Teresa smiled at that.

“I swear I’m a doctor. Here, let me show you.” She plucked her medical ID from her wallet. It showed her in her white lab coat. Apparently, that was enough for David, and the information poured out.

“We’re from California and we heard about the tsunami, so we were running out of our hotel with some other people and I let go of my mom’s hand by accident and I couldn’t see her or my dad, so I followed the other people. But she wasn’t there, so I turned around to try and get back, but I got lost and now I don’t know where she is.”

The last statement set off another round of tears, and Teresa gave him a hug.

“We’ll find her, David. Do you know the name of your hotel?”

“Hana.”

“The Hana Hotel?”

“It’s pink.”

“Your hotel is pink?”

He nodded.

This being Teresa’s first trip to Honolulu, she had no idea where the Hana Hotel was. She looked each way along Kalakaua Avenue but couldn’t see any pink buildings lining the beachfront road.

“Is your hotel right on the beach?” she asked, wanting to make sure she hadn’t missed it.

David shook his head. “We had to walk down a street to get to the beach.”

Since she was at Ohua Avenue, Teresa thought that was as good a street as any to try. She led David by the hand and hurried along the sidewalk away from the beach, joining the other evacuees.

“Tell me if you see your hotel,” she said to David.

The boy trotted at Teresa’s side, occasionally tucking behind her to get out of the way of another fleeing tourist. She asked a few people if they knew where the Hana Hotel was, but none of them did. She spotted a phone booth across the street and angled toward it.

“I don’t see the hotel yet,” David said.

“I know. We’re going to try to get the address.”

Teresa tried not to think about what would happen if she couldn’t find David’s parents. She certainly couldn’t abandon the little boy, but his plight was derailing her search for Mia.

A yellow pages hung from the bottom of the phone booth, and she flipped it open to the hotel section. She scanned the Hs until she came to the place where Hana should have been listed. It wasn’t there.

“David,” she said, “are you sure it’s called the Hana Hotel?”

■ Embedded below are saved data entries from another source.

Lemma msize_mulX i E : (msize ('X_i * E) <= (msize E).+1)%N.
Proof.
have [->|E_neq0] := eqVneq E 0; first by rewrite mulr0 msize0.
have X_neq0 : 'X_i != 0 :> {mpoly K[n]}.
  by rewrite -(mmeasure_poly_eq0 mdeg) (msizeX _ U_(i)%MM).
by rewrite msizeM // (msizeX _ U_(i)%MM) mdeg1.
Qed.

Lemma msize_Di_comp i E : (msize (Di i E) <= (msize E).+1)%N.
Proof.
apply: leq_trans (mmeasureD_le _ _ _) _; rewrite geq_max msize_mulX andbT.
exact: leq_trans (msize_map_der _ _) _.
Qed.

Lemma msize_DJ_compCB c m : (msize (DJ m c%:MP - c *: 'X_[m]) <= mdeg m)%N.
Proof.
elim/mnm_addU_ind: m => [|m i IH].
  by rewrite DJ_comp0 mpolyX0 alg_mpolyC subrr msize0.
set E := DJ m c%:MP - c *: 'X_[m] in IH *.
have -> : DJ (m + U_(i)) c%:MP - c *: 'X_[m + U_(i)] = Di i E + der i c *: 'X_[m].
  by rewrite DJ_comp_addU /E Di_compB Di_compZ (Di_compX i) opprD addrA addrAC subrK.
rewrite mdegD mdeg1 addn1; apply: leq_trans (mmeasureD_le _ _ _) _.
rewrite geq_max (leq_trans (msize_Di_comp _ _)) ?ltnS //.
by rewrite (leq_trans (msizeZ_le _ _)) // (msizeX _ m).
Qed.

Lemma msize_dcompCB c P : (msize (dcomp P c%:MP - c *: P) <= (msize P).-1)%N.
Proof.
rewrite {2}(mpolyE P) scaler_sumr dcompE -sumrB; apply: msize_sum_le => m P_m.
rewrite scalerA mulrC -scalerA -scalerBr; apply: leq_trans (msizeZ_le _ _) _.
apply: leq_trans (msize_DJ_compCB c m) _.
by rewrite -ltnS prednK ?msize_mdeg_lt // (leq_ltn_trans _ (msize_mdeg_lt P_m)).
Qed.

Lemma Sym_dcompC c P : c != 0 -> Sym (dcomp P c%:MP) = c *: Sym P.
Proof.
move=> c_neq0; have [->|P_neq0] := eqVneq P 0.
  by rewrite dcomp0 SymE !raddf0.
rewrite -(subrK (c *: P) (dcomp P c%:MP)) addrC Sym_addl ?SymZ // msizeZ //.
apply: leq_ltn_trans (msize_dcompCB c P) _.
by rewrite ltn_predL lt0n mmeasure_poly_eq0.
Qed.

The boy screwed up his face in concentration.

“I’m pretty sure.”

The hotel section of the yellow pages was huge, but she didn’t think David would have invented that name on his own. She quickly scanned down the list until she got to the Ws. There it was. The Waikiki Hana on Koa Avenue.

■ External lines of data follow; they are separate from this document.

(* Let $n\ge 1$, let $V_1,\dots,V_n>0$, $R_1,\dots,R_n>0$, $p\in(0,1)$ and $z>0$. Then the system of equations in unknowns $a_0,b_0$ $$\frac{1-p}{p}b_0=\sum_{i=1}^n\frac{1+\frac{b_0}{a_0R_i}}{V_i-\frac{1}{a_0}-\frac{1}{b_0}},\qquad \frac{1}{zp}b_0-a_0=\sum_{i=1}^n\frac{1+\frac{a_0R_i}{b_0}}{V_i-\frac{1}{a_0}-\frac{1}{b_0}}$$ has a positive solution with $a_0>0$ and $b_0>0$.
   Context: These are the Hamling equations for log odds ratios: $R_i$ are reported odds ratios with reported variances $V_i$ (of the log odds ratios), $p$ is the ratio of unexposed controls to total controls, $z$ is the ratio of total controls to total cases, and $a_0,b_0$ are the reference-group pseudo-cases and pseudo-non-cases. *)

From mathcomp Require Import all_boot all_order all_algebra.
From mathcomp Require Export reals.
Set Implicit Arguments. Unset Strict Implicit. Unset Printing Implicit Defensive.
Import Order.TTheory GRing.Theory Num.Theory.
Local Open Scope ring_scope.

Definition hden (R : realType) (Vi a0 b0 : R) : R := Vi - a0^-1 - b0^-1.

From mathcomp Require Import all_boot all_order all_algebra.
From mathcomp Require Import reals.
From mathcomp Require Import classical_sets topology normedtype realfun.
From mathcomp Require Import ring lra.
Set Implicit Arguments. Unset Strict Implicit. Unset Printing Implicit Defensive.
Import Order.TTheory GRing.Theory Num.Theory.
Import numFieldNormedType.Exports.
Local Open Scope ring_scope.

(* Substituting s := 1/a0 + 1/b0 and v := 1/b0 turns every denominator into
   V_i - s.  The second equation then says that v is a root of a quadratic
   whose root nearest to 0, v(s), lies in (0, s) and depends continuously on
   s in (0, min V_i); the first says phi(s) = (1 - p)/p, where
   phi(s) := P(s) v(s) + Q(s) (s - v(s)) and P, Q are positive combinations
   of the 1/(V_i - s).  Since phi(s) is squeezed between two multiples of
   s/(min V_i - s), it runs from 0 to +oo, and the intermediate value theorem
   provides s. *)

Section RealFieldFacts.
Variable R : realFieldType.

Lemma mix_le (a b t s : R) :
  0 <= a -> 0 <= b -> 0 <= t -> t <= s -> a * t + b * (s - t) <= (a + b) * s.
Proof. by move=> *; nra. Qed.

Lemma mix_ge (a b c t s : R) :
  c <= a -> c <= b -> 0 <= t -> t <= s -> c * s <= a * t + b * (s - t).
Proof. by move=> *; nra. Qed.

Definition from_odds (m y : R) : R := m * y / (1 + y).

Lemma from_odds_spec (m y : R) : 0 < m -> 0 < y ->
  [/\ 0 < from_odds m y, from_odds m y < m & from_odds m y / (m - from_odds m y) = y].
Proof.
move=> m_gt0 y_gt0; rewrite /from_odds.
have y1 : 0 < 1 + y by lra.
have -> : m - m * y / (1 + y) = m / (1 + y) by field; rewrite gt_eqF.
split.
- by rewrite divr_gt0 ?mulr_gt0.
- by rewrite ltr_pdivrMr // ltr_pM2l // ltrDr.
- by field; rewrite !gt_eqF.
Qed.

Lemma from_odds_le (m y1 y2 : R) : 0 <= m -> 0 <= y1 -> y1 <= y2 ->
  from_odds m y1 <= from_odds m y2.
Proof.
move=> m_ge0 y1_ge0 y12; rewrite /from_odds -!mulrA ler_wpM2l //.
rewrite ler_pdivrMr; last lra.
rewrite mulrAC ler_pdivlMr; last lra.
nra.
Qed.

End RealFieldFacts.

Section SmallRoot.
Variable R : realType.

(* The root of E v^2 + B v - K nearest to 0, in the rationalised form that
   remains valid, and continuous, when E vanishes. *)
Definition small_root (E B K : R) : R :=
  2 * K / (B + Num.sqrt (B ^+ 2 + 4 * E * K)).

Lemma small_root_spec (E B K s : R) :
  0 < K -> 0 < B -> 0 < s -> 0 < E * s ^+ 2 + B * s - K ->
  let v := small_root E B K in [/\ 0 < v, v < s & E * v ^+ 2 + B * v - K = 0].
Proof.
move=> K0 B0 s0 qs v.
set D := B ^+ 2 + 4 * E * K.
have D0 : 0 <= D.
  have [E0|E0] := leP E 0; last by rewrite /D; nra.
  have -> : D = (2 * E * s + B) ^+ 2 - 4 * E * (E * s ^+ 2 + B * s - K)
    by rewrite /D; ring.
  have := sqr_ge0 (2 * E * s + B); nra.
set r := Num.sqrt D.
have r0 : 0 <= r := sqrtr_ge0 D.
have rr : r ^+ 2 = D by rewrite sqr_sqrtr.
have Br : 0 < B + r by lra.
split.
- by rewrite /v /small_root -/D -/r divr_gt0 //; lra.
- rewrite /v /small_root -/D -/r ltr_pdivrMr //.
  (* squared, this is K - s B < E s^2 *)
  suff : 2 * K - s * B < s * r by lra.
  have [neg|pos] := ltP (2 * K - s * B) 0; first by nra.
  have : (2 * K - s * B) ^+ 2 < (s * r) ^+ 2.
    by rewrite exprMn rr /D; nra.
  have : 0 <= s * r by rewrite mulr_ge0 // ltW.
  nra.
- rewrite /v /small_root -/D -/r.
  have -> : E * (2 * K / (B + r)) ^+ 2 + B * (2 * K / (B + r)) - K
      = K * (4 * E * K + B ^+ 2 - r ^+ 2) / (B + r) ^+ 2.
    by field; rewrite gt_eqF.
  have -> : 4 * E * K + B ^+ 2 - r ^+ 2 = 0 by rewrite rr /D; ring.
  by rewrite mulr0 mul0r.
Qed.

Lemma small_root_continuous (T : topologicalType) (E B K : T -> R) (x : T) :
  {for x, continuous E} -> {for x, continuous B} -> {for x, continuous K} ->
  0 < B x -> {for x, continuous (fun t => small_root (E t) (B t) (K t))}.
Proof.
move=> cE cB cK B0; rewrite /small_root.
have cD : {for x, continuous (fun t => B t ^+ 2 + 4 * E t * K t)}.
  apply: continuousD; first exact: continuousM.
  by apply: continuousM => //; apply: continuousM => //; exact: cst_continuous.
apply: continuousM; first by apply: continuousM => //; exact: cst_continuous.
apply: continuousV; first by rewrite gt_eqF // (lt_le_trans B0) // lerDl sqrtr_ge0.
apply: continuousD => //.
exact: continuous_comp cD (@sqrt_continuous R _).
Qed.

End SmallRoot.

Lemma hden_invr (R : realType) (Vi x y : R) : hden Vi x^-1 y^-1 = Vi - (x + y).
Proof. by rewrite /hden !invrK opprD addrA. Qed.

Section WeightedResolvent.
Variables (R : realType) (n : nat) (V : 'I_n -> R).

Definition resolvent (w : 'I_n -> R) (s : R) : R := \sum_(i < n) w i / (V i - s).

Lemma resolventD (w1 w2 : 'I_n -> R) s :
  resolvent w1 s + resolvent w2 s = resolvent (fun i => w1 i + w2 i) s.
Proof. by rewrite /resolvent -big_split; apply: eq_bigr => i _; rewrite mulrDl. Qed.

Lemma resolvent_continuous w x :
  (forall i, x < V i) -> {for x, continuous (resolvent w)}.
Proof.
move=> xV; apply: (@cvg_big _ _ +%R 0 predT add_continuous) => // i _.
suff : {for x, continuous (fun t => w i / (V i - t))} by [].
apply: continuousM; first exact: cst_continuous.
apply: continuousV; first by rewrite subr_eq0 gt_eqF.
by apply: continuousB; [exact: cst_continuous | exact: cvg_id].
Qed.

Variable s : R.
Hypothesis sV : forall i, s < V i.

Lemma resolvent_ge_term w j :
  (forall i, 0 <= w i) -> w j / (V j - s) <= resolvent w s.
Proof.
move=> w0; rewrite /resolvent (bigD1 j) //= lerDl.
by apply: sumr_ge0 => i _; rewrite divr_ge0 // subr_ge0 ltW.
Qed.

Lemma resolvent_ge0 w : (forall i, 0 <= w i) -> 0 <= resolvent w s.
Proof.
move=> w0; rewrite /resolvent; apply: sumr_ge0 => i _.
by rewrite divr_ge0 // subr_ge0 ltW.
Qed.

Lemma resolvent_le w m :
  (forall i, 0 <= w i) -> (forall i, m <= V i) -> s < m ->
  resolvent w s <= (\sum_(i < n) w i) / (m - s).
Proof.
move=> w0 mV sm; rewrite /resolvent mulr_suml; apply: ler_sum => i _.
rewrite ler_wpM2l // lef_pV2 ?posrE ?subr_gt0 //.
by rewrite lerD2r.
Qed.

End WeightedResolvent.

Section Reduction.
Variables (R : realType) (n : nat) (V OR : 'I_n -> R) (k : R).
Hypotheses (OR_gt0 : forall i, 0 < OR i) (k_gt0 : 0 < k).

Local Notation P := (resolvent V (fun=> 1)).
Local Notation Q := (resolvent V (fun i => (OR i)^-1)).
Local Notation W := (resolvent V OR).

Definition recip_b0 (s : R) : R := small_root (W s - P s) (1 + P s * s + k) (s * k).

Definition hamling_phi (s : R) : R := P s * recip_b0 s + Q s * (s - recip_b0 s).

Local Notation phi := hamling_phi.

Variable m : R.
Hypothesis m_le_V : forall i, m <= V i.

Lemma lt_V s : s < m -> forall i, s < V i.
Proof. by move=> sm i; exact: lt_le_trans sm (m_le_V i). Qed.

Lemma recip_b0_spec (s : R) : 0 < s -> s < m ->
  [/\ 0 < recip_b0 s, recip_b0 s < s &
      (W s - P s) * recip_b0 s ^+ 2 + (1 + P s * s + k) * recip_b0 s - s * k = 0].
Proof.
move=> s_gt0 /lt_V sV.
have P_ge0 : 0 <= P s by exact: resolvent_ge0.
have W_ge0 : 0 <= W s by apply: (resolvent_ge0 sV) => i; exact: ltW.
apply: small_root_spec => //; first exact: mulr_gt0.
  by rewrite addr_gt0 // ltr_pwDl // mulr_ge0 // ltW.
have -> : (W s - P s) * s ^+ 2 + (1 + P s * s + k) * s - s * k = W s * s ^+ 2 + s
  by ring.
by rewrite ltr_wpDl // mulr_ge0 // sqr_ge0.
Qed.

Lemma hamling_phi_continuous (x : R) : 0 <= x -> x < m -> {for x, continuous phi}.
Proof.
move=> x_ge0 /lt_V xV.
have cP : {for x, continuous P} by exact: resolvent_continuous.
have cQ : {for x, continuous Q} by exact: resolvent_continuous.
have cW : {for x, continuous W} by exact: resolvent_continuous.
have cid : {for x, continuous (fun s : R => s)} by exact: cvg_id.
have cv : {for x, continuous recip_b0}.
  apply: small_root_continuous.
  - exact: continuousB.
  - apply: continuousD; last exact: cst_continuous.
    by apply: continuousD; [exact: cst_continuous | exact: continuousM].
  - by apply: continuousM => //; exact: cst_continuous.
  - by rewrite addr_gt0 // ltr_pwDl // mulr_ge0 // resolvent_ge0.
apply: continuousD; first exact: continuousM.
by apply: continuousM => //; exact: continuousB.
Qed.

Lemma hamling_phi_le (s : R) : 0 < s -> s < m ->
  phi s <= (\sum_(i < n) (1 + (OR i)^-1)) * (s / (m - s)).
Proof.
move=> s_gt0 sm; have sV := lt_V sm.
have [v_gt0 vs _] := recip_b0_spec s_gt0 sm.
have w_ge0 i : 0 <= (OR i)^-1 by rewrite invr_ge0 ltW.
apply: (le_trans (mix_le _ _ (ltW v_gt0) (ltW vs))).
- exact: resolvent_ge0.
- exact: resolvent_ge0.
rewrite mulrCA [X in _ <= X]mulrC ler_pM2r // resolventD.
by apply: resolvent_le => // i; rewrite addr_ge0.
Qed.

Lemma hamling_phi_ge (s : R) j : V j = m -> 0 < s -> s < m ->
  (1 + OR j)^-1 * (s / (m - s)) <= phi s.
Proof.
move=> Vj s_gt0 sm; have sV := lt_V sm.
have [v_gt0 vs _] := recip_b0_spec s_gt0 sm.
have ms_gt0 : 0 < m - s by rewrite subr_gt0.
rewrite mulrCA [X in X <= _]mulrC; apply: mix_ge (ltW v_gt0) (ltW vs).
- apply: le_trans (resolvent_ge_term sV j _) => //.
  rewrite Vj ler_pM2r ?invr_gt0 // invf_le1 ?lerDl ?ltW //.
  by rewrite addr_gt0.
- apply: le_trans (resolvent_ge_term sV j _) => [|i]; last by rewrite invr_ge0 ltW.
  by rewrite Vj ler_pM2r ?invr_gt0 // lef_pV2 ?posrE ?lerDr ?addr_gt0.
Qed.

Lemma hamling_phi_hits (c : R) j : V j = m -> 0 < m -> 0 < c ->
  exists2 s, 0 < s < m & phi s = c.
Proof.
move=> Vj m_gt0 c_gt0.
set C := \sum_(i < n) (1 + (OR i)^-1).
have C_ge0 : 0 <= C by apply: sumr_ge0 => i _; rewrite addr_ge0 // invr_ge0 ltW.
set y1 := c / (C + 1); set y2 := (1 + OR j) * (c + 1).
have y1_gt0 : 0 < y1 by rewrite divr_gt0 // ltr_wpDl.
have y2_gt0 : 0 < y2 by rewrite mulr_gt0 // addr_gt0.
have [s1_gt0 s1m odds1] := from_odds_spec m_gt0 y1_gt0.
have [s2_gt0 s2m odds2] := from_odds_spec m_gt0 y2_gt0.
have phi1 : phi (from_odds m y1) < c.
  apply: le_lt_trans (hamling_phi_le s1_gt0 s1m) _.
  by rewrite -/C odds1 /y1 mulrA ltr_pdivrMr ?ltr_wpDl //; nra.
have phi2 : c < phi (from_odds m y2).
  apply: lt_le_trans (hamling_phi_ge Vj s2_gt0 s2m).
  by rewrite odds2 /y2 mulKf ?gt_eqF ?addr_gt0 //; lra.
have y1_le_c : y1 <= c.
  by rewrite /y1 ler_pdivrMr ?ltr_wpDl // ler_peMr ?lerDr // ltW.
have c_le_y2 : c <= y2 by rewrite /y2; have := OR_gt0 j; nra.
have s12 : from_odds m y1 <= from_odds m y2.
  by apply: from_odds_le; [exact: ltW | exact: ltW | exact: le_trans y1_le_c c_le_y2].
have [s] : exists2 s, s \in `[from_odds m y1, from_odds m y2] & phi s = c.
  apply: IVT s12 _ _; last by rewrite ge_min le_max (ltW phi1) (ltW phi2) orbT.
  apply: continuous_in_subspaceT => x; rewrite in_setE /= in_itv /= => /andP[s1x xs2].
  apply: hamling_phi_continuous; first exact: ltW (lt_le_trans s1_gt0 s1x).
  exact: le_lt_trans xs2 s2m.
rewrite in_itv /= => /andP[s1s ss2] phis; exists s => //.
by rewrite (lt_le_trans s1_gt0 s1s) (le_lt_trans ss2 s2m).
Qed.

Lemma hamling_solution (c s : R) : 0 < s -> s < m -> phi s = c ->
  exists a0 b0 : R,
    [/\ 0 < a0, 0 < b0,
        (forall i, hden (V i) a0 b0 != 0),
        c * b0 = \sum_(i < n) (1 + b0 / (a0 * OR i)) / hden (V i) a0 b0
      & k * b0 - a0 = \sum_(i < n) (1 + a0 * OR i / b0) / hden (V i) a0 b0].
Proof.
move=> s_gt0 sm <-; have sV := lt_V sm.
have := recip_b0_spec s_gt0 sm; rewrite /hamling_phi.
move: (recip_b0 s) => v [v_gt0 vs quad].
have vN0 : v != 0 by rewrite gt_eqF.
have svN0 : s - v != 0 by rewrite subr_eq0 gt_eqF.
have hd i : hden (V i) (s - v)^-1 v^-1 = V i - s by rewrite hden_invr subrK.
exists (s - v)^-1, v^-1; split.
- by rewrite invr_gt0 subr_gt0.
- by rewrite invr_gt0.
- by move=> i; rewrite hd subr_eq0 gt_eqF.
- have -> : \sum_(i < n) (1 + v^-1 / ((s - v)^-1 * OR i)) / hden (V i) (s - v)^-1 v^-1
      = P s + (s - v) / v * Q s.
    rewrite /resolvent mulr_sumr -big_split /=; apply: eq_bigr => i _.
    by rewrite hd invfM invrK; ring.
  by field.
- have -> : \sum_(i < n) (1 + (s - v)^-1 * OR i / v^-1) / hden (V i) (s - v)^-1 v^-1
      = P s + v / (s - v) * W s.
    rewrite /resolvent mulr_sumr -big_split /=; apply: eq_bigr => i _.
    by rewrite hd invrK; ring.
  rewrite -[LHS]addr0 -(mul0r (v * (s - v))^-1) -quad.
  by field; rewrite vN0 svN0.
Qed.

End Reduction.

Theorem theorem4 (R : realType) (n : nat) (V OR : 'I_n -> R) (p z : R) :
  (1 <= n)%N ->
  (forall i, 0 < V i) -> (forall i, 0 < OR i) ->
  0 < p -> p < 1 -> 0 < z ->
  exists a0 b0 : R,
    [/\ 0 < a0, 0 < b0,
        (forall i, hden (V i) a0 b0 != 0),
        (1 - p) / p * b0
          = \sum_(i < n) (1 + b0 / (a0 * OR i)) / hden (V i) a0 b0
      & (z * p)^-1 * b0 - a0
          = \sum_(i < n) (1 + a0 * OR i / b0) / hden (V i) a0 b0].
Proof.
move=> n_gt0 V_gt0 OR_gt0 p_gt0 p_lt1 z_gt0.
have [j _ Vj_min] := @arg_minP _ _ _ (Ordinal n_gt0) xpredT V isT.
have k_gt0 : 0 < (z * p)^-1 by rewrite invr_gt0 mulr_gt0.
have c_gt0 : 0 < (1 - p) / p by rewrite divr_gt0 // subr_gt0.
have m_le_V i : V j <= V i by exact: Vj_min.
have [s /andP[s_gt0 sm] phis] := hamling_phi_hits OR_gt0 k_gt0 m_le_V erefl (V_gt0 j) c_gt0.
exact: hamling_solution phis.
Qed.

The front of the phone book had a map of the Waikiki area. Koa Avenue didn’t intersect with Ohua, so she would have missed it heading in this direction. She took David back down to Kalakaua and jogged the two blocks to a road that would intersect with Koa. In another minute she spotted the pink façade of the Waikiki Hana.

Stragglers still emerged from the hotel. She went into the hotel lobby, and even before she could ask David what his mother’s name was, a woman screamed “David!” and swept the boy up in her arms, weeping with joy at holding her lost son. She turned to Teresa and clasped her shoulder.

“Thank you for finding him,” the woman said. “I don’t know what happened. One second he was there, and the next he was gone.”

“You’re welcome. Now you need to get out of here.”

“But my husband—he went out to find David! I don’t know where he is!”

“I’m sorry. But—”

“How will I find him?”

Teresa saw the woman’s desperation and realized that her own search for her daughter was futile. There was no way she would find Mia or Lani running around on the streets. She needed to go where they might go.

“How will I find my husband?” the anguished woman repeated.

“I’m sorry,” Teresa said. “I don’t know.”

She took one last look at the little boy and mother she had reunited. Then she sprinted out the front of the lobby and ran toward the Grand Hawaiian.